Bruxelles, 09/03/2000 (Agence Europe) - Jeudi prochain, le Parlement européen se prononcera en plénière sur le rapport du socialiste luxembourgeois Robert Goebbels sur la recommandation faite en septembre 1999 par la Banque Centrale Européenne de porter de 50 à 100 milliards d'euros le plafond des appels d'avoirs de réserve de change de la Banque.
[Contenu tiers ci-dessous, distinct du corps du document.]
Lemma abs_w_pure_GV_ann xs A :
  GV xs -> (forall j (a : A), ideal_gen xs j -> j *: a = 0) -> abs_w_pure A.
Proof.
move=> GVxs Aann N _ E i p _; exists xs; split => // j Jj.
by exists (fun _ => 0); split; [exact: lin_cst0 | move=> a; rewrite Aann].
Qed.

Lemma GV_trivial_abs_pure A : GV_trivial -> abs_w_pure A -> abs_pure A.
Proof.
move=> GVR A_absw N N_fp E i p ses_ip.
have [xs [GVxs Hj]] := A_absw N N_fp E i p ses_ip.
have [h [h_lin hi]] := Hj 1 (GVR xs GVxs).
by apply: (ses_split ses_ip h_lin) => a; rewrite hi scale1r.
Qed.

Lemma GV_trivial_w_module M : GV_trivial -> w_module M.
Proof.
move=> GVR; split.
  by move=> x [xs [GVxs Hx]]; rewrite -[x]scale1r; apply/Hx/GVR.
move=> xs GVxs Q [q0 [q0_gen q0_ann]] E i p [_ p_lin _ _ _].
have q0_0 : q0 = 0 by rewrite -[q0]scale1r; apply/q0_ann/GVR.
exists (fun _ => 0); split; first exact: lin_cst0.
by move=> y; have [r ->] := q0_gen y; rewrite q0_0 scaler0 lin0.
Qed.

Lemma GV_trivial_DW : GV_trivial -> DW_ring R.
Proof. by move=> GVR I _ N *; apply: GV_trivial_w_module. Qed.

Lemma DW_GV_trivial : DW_ring R -> GV_trivial.
Proof.
move=> DW xs GVxs; have J_ideal := ideal_gen_ideal xs.
pose p := quot_pi (ideal_submod J_ideal).
have p_lin : lin p := quot_pi_lin _.
have p_surj y : exists x, p x = y by have [x ->] := quot_pi_surj y; exists x.
have J_w : w_module (sub_mod (kermod p_lin)).
  apply: (DW _ J_ideal _ _ (@sval_lin _ _ (kermod p_lin)) (@sval_inj _ _ _)).
  move=> r; split => [Jr | [[x px] <-]].
    by exists (exist _ r ((quot_pi_eq0 (ideal_submod J_ideal) r).2 Jr)).
  exact: (quot_pi_eq0 (ideal_submod J_ideal) x).1 px.
have [s [s_lin ps]] :=
  J_w.2 xs GVxs _ (quot_ideal_quotient_by J_ideal) _ _ _ (ses_ker p_lin p_surj).
have s1 : s (p 1) = 0.
  by apply: GVxs.1 => x Jx; rewrite mulrC; exact: (lin_quot_ideal_ann s_lin Jx).
by have := ps (p 1); rewrite s1 lin0 // => /esym /quot_pi_eq0.
Qed.

End GVIdeals.

Section IdealSquare.
Variables (R : comPzRingType) (xs : seq R).

Local Notation J := (ideal_gen xs).
Local Notation J2 := (@lincomb R R^o (ideal_gen xs) xs).
Local Notation SJ := (ideal_submod (ideal_gen_ideal xs)).

Lemma ideal_sq_ideal : @is_ideal R J2.
Proof. exact/lincomb_ideal/ideal_gen_ideal. Qed.

Local Notation SJ2 := (ideal_submod ideal_sq_ideal).
Local Notation p := (quot_lift SJ : quot_mod SJ2 -> quot_mod SJ).

Lemma ideal_sq_sub r : J2 r -> J r.
Proof. by move=> J2r; rewrite ideal_genE; apply: lincomb_mono J2r. Qed.

Lemma ideal_mul_sq a b : J a -> J b -> J2 (a * b).
Proof.
move=> Ja; rewrite {1}ideal_genE => Jb.
apply: (@lincomb_scale _ R^o (fun _ => True) _ xs a b) Jb => c _.
by rewrite mulrC; case: (ideal_gen_ideal xs) => _ _; apply.
Qed.

Lemma ideal_sq_lift_lin : lin p.
Proof. by apply: quot_lift_lin; apply: ideal_sq_sub. Qed.

Lemma ideal_sq_lift_surj y : exists x, p x = y.
Proof.
have [x ->] := quot_pi_surj y; exists (quot_pi SJ2 x).
by apply: quot_liftE; apply: ideal_sq_sub.
Qed.
(* Let $N\ge 3$ and let $E,F\subset\bigcup_{k=1}^5S_k$. Then $S^{N-1}_{\mathbb R,E}\in\{S^{N-1}_{\mathbb R},S^{N-1}_{\mathbb R,*},S^{N-1}_{\mathbb R,+}\}$; in particular for any $\sigma\in S_k$ with $k\le5$ and $\sigma\ne1_k$, $S^{N-1}_{\mathbb R,\{\sigma\}}\in\{S^{N-1}_{\mathbb R},S^{N-1}_{\mathbb R,*}\}$. Likewise $\bar S^{N-1}_{\mathbb R,F}\in\{\bar S^{N-1}_{\mathbb R},\bar S^{N-1}_{\mathbb R,*},S^{N-1}_{\mathbb R,+}\}$, and the mixed sphere $S^{N-1}_{\mathbb R,E}\cap\bar S^{N-1}_{\mathbb R,F}$ is one of the nine spheres $S^{N-1}_{\mathbb R},S^{N-1}_{\mathbb R,*},S^{N-1}_{\mathbb R,+},S^{N-1,1}_{\mathbb R},S^{N-1,1}_{\mathbb R,*},\bar S^{N-1}_{\mathbb R,*},S^{N-1,0}_{\mathbb R},\bar S^{N-1,1}_{\mathbb R},\bar S^{N-1}_{\mathbb R}$.
   Context: $C(S^{N-1}_{\mathbb R,+})$ denotes the universal $C^*$-algebra generated by self-adjoint elements $x_1,\dots,x_N$ subject to $\sum_i x_i^2=1$; subspaces are given by quotients by relations among the $x_i$, and intersections by imposing both sets of relations. Subspheres: $S^{N-1}_{\mathbb R}$: $x_ix_j=x_jx_i$ for all $i,j$; $\bar S^{N-1}_{\mathbb R}$: $x_ix_j=-x_jx_i$ for all $i\ne j$; $S^{N-1}_{\mathbb R,*}$: $x_ix_jx_k=x_kx_jx_i$ for all $i,j,k$; $\bar S^{N-1}_{\mathbb R,*}$: $x_ix_jx_k=-x_kx_jx_i$ for $i,j,k$ pairwise distinct and $x_ix_jx_k=x_kx_jx_i$ otherwise. Polygonal versions $S^{N-1,d-1}_{\mathbb R}$, $\bar S^{N-1,d-1}_{\mathbb R}$, $S^{N-1,d-1}_{\mathbb R,*}$ are obtained by additionally imposing $x_{i_0}\cdots x_{i_d}=0$ for pairwise distinct $i_0,\dots,i_d$. For $\sigma\in S_k$ and indices $i_1,\dots,i_k$, let $\varepsilon_\sigma(i)=(-1)^m$ with $m$ the number of pairs $r<s$ with $\sigma(r)>\sigma(s)$ and $i_{\sigma(r)}\ne i_{\sigma(s)}$. Untwisted relations $\mathcal R_\sigma$: $x_{i_1}\cdots x_{i_k}=x_{i_{\sigma(1)}}\cdots x_{i_{\sigma(k)}}$ for all indices; twisted relations $\bar{\mathcal R}_\sigma$: $x_{i_1}\cdots x_{i_k}=\varepsilon_\sigma(i)x_{i_{\sigma(1)}}\cdots x_{i_{\sigma(k)}}$ for all indices. For $E\subset\bigcup_kS_k$, $S^{N-1}_{\mathbb R,E}$ (resp. $\bar S^{N-1}_{\mathbb R,E}$) is the subsphere of $S^{N-1}_{\mathbb R,+}$ defined by $\mathcal R_\sigma$ (resp. $\bar{\mathcal R}_\sigma$), $\sigma\in E$. *)

From Stdlib Require Import Reals List Arith Bool.
Import ListNotations.

Definition C : Type := (R * R)%type.
Definition Cadd (a b : C) : C := (fst a + fst b, snd a + snd b)%R.
Definition Cmul (a b : C) : C :=
  (fst a * fst b - snd a * snd b, fst a * snd b + snd a * fst b)%R.
Definition Cconj (a : C) : C := (fst a, - snd a)%R.
Definition Cmod (a : C) : R := sqrt (fst a * fst a + snd a * snd a)%R.
Definition C1 : C := (1%R, 0%R).

Record CStarAlg := {
  car :> Type;
  c0 : car; c1 : car;
  cadd : car -> car -> car; copp : car -> car; cmul : car -> car -> car;
  csc : C -> car -> car; cstar : car -> car; cnorm : car -> R;
  addA : forall x y z, cadd x (cadd y z) = cadd (cadd x y) z;
  addC : forall x y, cadd x y = cadd y x;
  add0 : forall x, cadd c0 x = x;
  addN : forall x, cadd (copp x) x = c0;
  mulA : forall x y z, cmul x (cmul y z) = cmul (cmul x y) z;
  mul1l : forall x, cmul c1 x = x;
  mul1r : forall x, cmul x c1 = x;
  mulDl : forall x y z, cmul (cadd x y) z = cadd (cmul x z) (cmul y z);
  mulDr : forall x y z, cmul x (cadd y z) = cadd (cmul x y) (cmul x z);
  scA : forall a b x, csc a (csc b x) = csc (Cmul a b) x;
  sc1 : forall x, csc C1 x = x;
  scDl : forall a b x, csc (Cadd a b) x = cadd (csc a x) (csc b x);
  scDr : forall a x y, csc a (cadd x y) = cadd (csc a x) (csc a y);
  scMl : forall a x y, cmul (csc a x) y = csc a (cmul x y);
  scMr : forall a x y, cmul x (csc a y) = csc a (cmul x y);
  starK : forall x, cstar (cstar x) = x;
  starD : forall x y, cstar (cadd x y) = cadd (cstar x) (cstar y);
  starM : forall x y, cstar (cmul x y) = cmul (cstar y) (cstar x);
  starZ : forall a x, cstar (csc a x) = csc (Cconj a) (cstar x);
  norm_eq0 : forall x, cnorm x = 0%R -> x = c0;
  normD : forall x y, (cnorm (cadd x y) <= cnorm x + cnorm y)%R;
  normZ : forall a x, cnorm (csc a x) = (Cmod a * cnorm x)%R;
  normM : forall x y, (cnorm (cmul x y) <= cnorm x * cnorm y)%R;
  norm_cstar : forall x, cnorm (cmul (cstar x) x) = (cnorm x * cnorm x)%R;
  complete : forall u : nat -> car,
    (forall eps, (0 < eps)%R -> exists M, forall m n, (M <= m)%nat -> (M <= n)%nat ->
        (cnorm (cadd (u m) (copp (u n))) < eps)%R) ->
    exists l, forall eps, (0 < eps)%R -> exists M, forall n, (M <= n)%nat ->
        (cnorm (cadd (u n) (copp l)) < eps)%R
}.

Arguments c0 {_}. Arguments c1 {_}. Arguments cadd {_}. Arguments copp {_}.
Arguments cmul {_}. Arguments cstar {_}.

Definition mprod {A : CStarAlg} (l : list (car A)) : car A := fold_right cmul c1 l.
Definition msum {A : CStarAlg} (l : list (car A)) : car A := fold_right cadd c0 l.

Definition rels : Type := forall A : CStarAlg, (nat -> car A) -> Prop.

Definition sphere_pt (N : nat) (A : CStarAlg) (x : nat -> car A) : Prop :=
  (forall i, (i < N)%nat -> cstar (x i) = x i) /\
  msum (map (fun i => cmul (x i) (x i)) (seq 0 N)) = c1.

(* Two subspheres (quotients of C(S^{N-1}_{R,+}) by the relations) coincide
   iff the relations are equivalent for every sphere point in every C*-algebra
   (universal property). *)
Definition sph_eq (N : nat) (P Q : rels) : Prop :=
  forall (A : CStarAlg) (x : nat -> car A), sphere_pt N A x -> (P A x <-> Q A x).

Definition rels_and (P Q : rels) : rels := fun A x => P A x /\ Q A x.
Definition free_rels : rels := fun _ _ => True.

Definition is_perm (k : nat) (s : nat -> nat) : Prop :=
  (forall r, (r < k)%nat -> (s r < k)%nat) /\
  (forall r r', (r < k)%nat -> (r' < k)%nat -> s r = s r' -> r = r').

(* sign epsilon_sigma(i) : (-1)^m, m = #{r<s : sigma r > sigma s, i_{sigma r} <> i_{sigma s}} *)
Definition inv_count (k : nat) (s i : nat -> nat) : nat :=
  length (filter (fun p : nat * nat =>
            (fst p <? snd p) && (s (snd p) <? s (fst p)) && negb (i (s (fst p)) =? i (s (snd p))))
          (list_prod (seq 0 k) (seq 0 k))).
(* Let $c_{\min}\le c_{\max}$ and $d_{\min}\le d_{\max}$ be integers and let $T=\{c_{\min},\dots,c_{\max}\}\times\{d_{\min},\dots,d_{\max}\}$. Let $a:T\to[0,1]$, $(c,d)\mapsto a_{c,d}$, and $p:T\to\mathbb{R}$, $(c,d)\mapsto p_{c,d}$. For $(c,d),(c',d')\in T$ write $(c,d)\to(c',d')$ for the inequality $$p_{c,d}-c\,a_{c,d}\;\ge\;p_{c',d'}-c\,a_{c',d'}.$$ Suppose that for every $(c,d)\in T$: (1) $(c,d)\to(c',d)$ holds for every $c'<c$; (2) $(c,d)\to(c',d)$ holds for every $c'>c$; (3) $(c,d)\to(c,d')$ holds for every $d'<d$ (all with the reported type in $T$). Then for every $(c,d)\in T$ and every $(c',d')\in T$ with $d'<d$ and $c'\neq c$ (i.e. both the case $c'<c,\ d'<d$ and the case $c'>c,\ d'<d$), the inequality $(c,d)\to(c',d')$ holds.
   Context: Types $(c,d)$ consist of a forwarding cost $c$ and a predicted path duration $d$. $a_{c,d}$ is the (expected, interim) probability that a bidder reporting type $(c,d)$ wins, and $p_{c,d}$ its expected payment; a bidder with true type $(c,d)$ that wins with probability $a$ incurs expected cost $c\,a$. The inequality $(c,d)\to(c',d')$ is the incentive-compatibility constraint saying that a bidder of true type $(c,d)$ does not gain by reporting $(c',d')$. *)

From Stdlib Require Import Reals ZArith.
Open Scope R_scope.

Definition inT (cmin cmax dmin dmax : Z) (c d : Z) : Prop :=
  (cmin <= c <= cmax)%Z /\ (dmin <= d <= dmax)%Z.

Definition ic (a p : Z -> Z -> R) (c d c' d' : Z) : Prop :=
  p c d - IZR c * a c d >= p c' d' - IZR c * a c' d'.

From Stdlib Require Import Reals ZArith Lia Lra.
Open Scope R_scope.

(* A bidder of true cost [c] ranks all reports by the same utility
   [p - c a], so its constraints compose: deviating to (c', d') is no better
   than first lowering the duration to (c, d') and then changing the cost. *)

Lemma ic_trans (a p : Z -> Z -> R) (c d d1 c2 d2 : Z) :
  ic a p c d c d1 -> ic a p c d1 c2 d2 -> ic a p c d c2 d2.
Proof. unfold ic; lra. Qed.

Lemma inT_swap (cmin cmax dmin dmax c d c' d' : Z) :
  inT cmin cmax dmin dmax c d -> inT cmin cmax dmin dmax c' d' ->
  inT cmin cmax dmin dmax c d'.
Proof. unfold inT; lia. Qed.

Theorem lemma1 (cmin cmax dmin dmax : Z) (a p : Z -> Z -> R)
  (Hc : (cmin <= cmax)%Z) (Hd : (dmin <= dmax)%Z)
  (Ha : forall c d, inT cmin cmax dmin dmax c d -> 0 <= a c d <= 1)
  (H1 : forall c d c', inT cmin cmax dmin dmax c d ->
          inT cmin cmax dmin dmax c' d -> (c' < c)%Z -> ic a p c d c' d)
  (H2 : forall c d c', inT cmin cmax dmin dmax c d ->
          inT cmin cmax dmin dmax c' d -> (c < c')%Z -> ic a p c d c' d)
  (H3 : forall c d d', inT cmin cmax dmin dmax c d ->
          inT cmin cmax dmin dmax c d' -> (d' < d)%Z -> ic a p c d c d') :
  forall c d c' d', inT cmin cmax dmin dmax c d ->
    inT cmin cmax dmin dmax c' d' -> (d' < d)%Z -> c' <> c ->
    ic a p c d c' d'.
Proof.
  intros c d c' d' HT HT' Hdd Hne.
  pose proof (inT_swap _ _ _ _ _ _ _ _ HT HT') as HTd'.
  apply ic_trans with d'.
  - exact (H3 c d d' HT HTd' Hdd).
  - destruct (Z.lt_total c' c) as [Hlt | [Heq | Hgt]].
    + exact (H1 c d' c' HTd' HT' Hlt).
    + contradiction.
    + exact (H2 c d' c' HTd' HT' Hgt).
Qed.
Le rapporteur propose d'accepter la recommandation de la BCE en estimant que, grâce à ce doublement des réserves de change, la Banque y gagnera en indépendance financière et aussi "en crédibilité, notamment en ce qui concerne sa capacité d'adaptation à différents scénarios possibles". Le rapporteur constate en effet que l'euro sera appelé à jouer un rôle de plus en plus important dans le système financier international et, en notant que "l'instabilité potentielle" de la monnaie européenne "n'est pas à prouver, vu la récurrence des crises financières de ces dernières années", il affirme que la BCE, en tant que "gardienne de l'euro et de la politique de stabilité" voulue par l'Union, "doit avoir les moyens de cette ambition européenne". "L'habilitation d'appeler des réserves de change supplémentaires permettrait, en cas de besoin, à la BCE d'améliorer sa capacité d'intervention sur les marchés", estime M.Goebbels.
Dans son rapport, M.Goebbels souligne que, bien que le bilan 1999 ne soit pas encore disponible, la BCE "encourra vraisemblablement une perte sur cet exercice"; cette perte sera couverte par le fonds de réserve général constitué en 1998 et par d'autres mécanismes, mais "à terme, une telle situation n'est pas saine et une Banque centrale en déficit structurel ne serait simplement pas crédible", affirme-t-il. Les augmentations recommandées "n'appauvrissent pas les Banques centrales nationales" mais sont pour elles des "substitutions d'actifs, vu qu'elles sont les actionnaires de la BCE", remarque-t-il, en rappelant que les Banques centrales nationales "disposeront toujours d'un total de réserves officielles propres de près de 300 milliards d'euros". En outre, M.Goebbels note que la BCE vient d'être autorisée à porter ses effectifs de 750 à 1000 personnes , ce qui "aura des implications budgétaires non négligeables" (les 1.000 agents de la BCE sont à comparer aux quelque 60 000 agents travaillant pour les quinze banques centrales nationales, aux 23 000 du Federal Reserve System et aux 6 000 de la Banque du Japon).
M.Goebbels rappelle enfin que, puisque les contributions des Banques centrales des quatre Etats membres qui ne font pas partie de la zone euro n'ont pas été appelées, sur un total potentiel de 50 milliards d'euros les réserves effectivement mises en commun par les onze banques centrales participantes sont seulement de 39,5 milliards, dont 85% sont des réserves de change (essentiellement des dollars US) et 15% de l'or.